### Required work
How many lines in the records below contain the word "instance"? State that number and nothing more.

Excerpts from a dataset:

Section CrossMap.
Variables (k : fieldType) (d : Order.disp_t) (P : finPOrderType d).
Variables (d1 : Order.disp_t) (Q1 : finPOrderType d1) (G1 : pmod k Q1).
Variables (d2 : Order.disp_t) (Q2 : finPOrderType d2) (G2 : pmod k Q2).
Variables (s1 : P -> Q1) (s1m : {homo s1 : x y / (x <= y)%O}).
Variables (s2 : P -> Q2) (s2m : {homo s2 : x y / (x <= y)%O}).
Local Notation t1 := (pm_tmap G1).
Local Notation t2 := (pm_tmap G2).
Implicit Type a : forall x, 'M[k]_(pm_dim G1 (s1 x), pm_dim G2 (s2 x)).

Lemma pm_tmap_cross a u u' x v : (u <= u')%O -> (u' <= s1 x)%O ->
  t1 u u' *m cross_map a u' x v = cross_map a u x v.
Proof. by move=> uu' u'x; rewrite /cross_map !mulmxA pm_tmap_comp. Qed.

Lemma cross_pm_tmap a u x v v' : (s2 x <= v)%O -> (v <= v')%O ->
  cross_map a u x v *m t2 v v' = cross_map a u x v'.
Proof. by move=> xv vv'; rewrite /cross_map -mulmxA pm_tmap_comp. Qed.

Variables (a : forall x, 'M[k]_(pm_dim G1 (s1 x), pm_dim G2 (s2 x)))
          (b : forall x, 'M[k]_(pm_dim G2 (s2 x), pm_dim G1 (s1 x))).
Hypothesis a_nat : pm_natural (F := pullback s1m G1) (G := pullback s2m G2) a.

Lemma pm_tmap_natural x y : (x <= y)%O ->
  t1 (s1 x) (s1 y) *m a y = a x *m t2 (s2 x) (s2 y).
Proof. by move=> xy; rewrite (pm_tmapE _ (s1m xy)) (pm_tmapE _ (s2m xy)) a_nat. Qed.

Lemma cross_map_shift u x y v : (x <= y)%O -> (u <= s1 x)%O -> (s2 y <= v)%O ->
  cross_map a u x v = cross_map a u y v.
Proof.
move=> xy ux yv; rewrite /cross_map -(pm_tmap_comp _ (s2m xy) yv) !mulmxA.
by rewrite -(mulmxA _ (a x)) -pm_tmap_natural // mulmxA pm_tmap_comp // s1m.
Qed.

Hypothesis abK : forall x, a x *m b x = 1%:M.

Lemma cross_mapK u x v y u' : (u <= s1 x)%O -> (x <= y)%O ->
    (s2 x <= v)%O -> (v <= s2 y)%O -> (s1 y <= u')%O ->
  cross_map a u x v *m cross_map b v y u' = t1 u u'.
Proof.
move=> ux xy xv vy yu'; have uy : (u <= s1 y)%O := le_trans ux (s1m xy).
rewrite [cross_map b _ _ _]/cross_map !mulmxA cross_pm_tmap //.
rewrite (@cross_map_shift u x y) // /cross_map pm_tmap_id mulmx1.
by rewrite -(mulmxA _ (a y)) abK mulmx1 pm_tmap_comp.
Qed.

End CrossMap.

Lemma coupling_cost_ge0 (R : realType) (dq : Order.disp_t) (Q : finPOrderType dq)
    (d : Order.disp_t) (P : finPOrderType d) (dP : P -> P -> R) (fg hi : galois_ins Q P) :
  0 <= coupling_cost dP fg hi.
Proof. exact: bigmax_ge_id. Qed.

Section Glue.
Variables (k : fieldType) (d : Order.disp_t) (P : finPOrderType d).
Variables (d1 : Order.disp_t) (Q1 : finPOrderType d1) (hi1 : galois_ins Q1 P) (G1 : pmod k Q1).
Variables (d2 : Order.disp_t) (Q2 : finPOrderType d2) (fg2 : galois_ins Q2 P) (G2 : pmod k Q2).
Local Notation h1 := (gi_f hi1).
Local Notation i1 := (gi_g hi1).
Local Notation f2 := (gi_f fg2).
Local Notation g2 := (gi_g fg2).
Local Notation t1 := (pm_tmap G1).
Local Notation t2 := (pm_tmap G2).

Variables (alpha : forall x, 'M[k]_(pm_dim G1 (i1 x), pm_dim G2 (g2 x)))
          (beta : forall x, 'M[k]_(pm_dim G2 (g2 x), pm_dim G1 (i1 x))).
Hypotheses (alphaK : forall x, alpha x *m beta x = 1%:M)
           (betaK : forall x, beta x *m alpha x = 1%:M)
           (alpha_nat : pm_natural (F := pullback (gi_g_mono hi1) G1)
                                   (G := pullback (gi_g_mono fg2) G2) alpha).

Let beta_nat := pm_natural_inv alpha_nat alphaK betaK.
Local Notation cross12 := (cross_map alpha).
Local Notation cross21 := (cross_map beta).

(* The glued poset is the union, inside Q1 x Q2, of the images of
   [u |-> (u, g2 (h1 u))] and [v |-> (i1 (f2 v), v)]; the glued module is G1 on
   the first image, overlap included, and G2 on the rest. *)
Definition glue_pt (q : Q1 *p Q2) : P := h1 q.1.
Definition on_fst (q : Q1 *p Q2) : bool := q.2 == g2 (glue_pt q).
Definition glued (q : Q1 *p Q2) : bool := on_fst q || (q.1 == i1 (f2 q.2)).

Definition glue := {q : Q1 *p Q2 | glued q}.
HB.instance Definition _ := [isSub of glue for @sval _ glued].
HB.instance Definition _ := [Finite of glue by <:].
HB.instance Definition _ := [SubChoice_isSubPOrder of glue by <: with Order.Disp tt tt].

Lemma glue_ptE q : glued q -> glue_pt q = f2 q.2.
Proof. by case: q => u v /orP[] /eqP /= ->; rewrite /glue_pt gi_retr. Qed.

Variant on_fst_spec (q : Q1 *p Q2) : bool -> Type :=
  | OnFst of q.2 = g2 (glue_pt q) : on_fst_spec q true
  | OnSnd of q.1 = i1 (glue_pt q) : on_fst_spec q false.

Lemma on_fstP q : glued q -> on_fst_spec q (on_fst q).
Proof.
move=> qG; case: (boolP (on_fst q)) => [/eqP|nq]; first exact: OnFst.
apply: OnSnd; rewrite glue_ptE //.
by move: qG; rewrite /glued (negbTE nq) => /eqP.
Qed.

Lemma glue_le_fst q : (q.1 <= i1 (glue_pt q))%O.
Proof. exact: gi_unit. Qed.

### Exercise output
3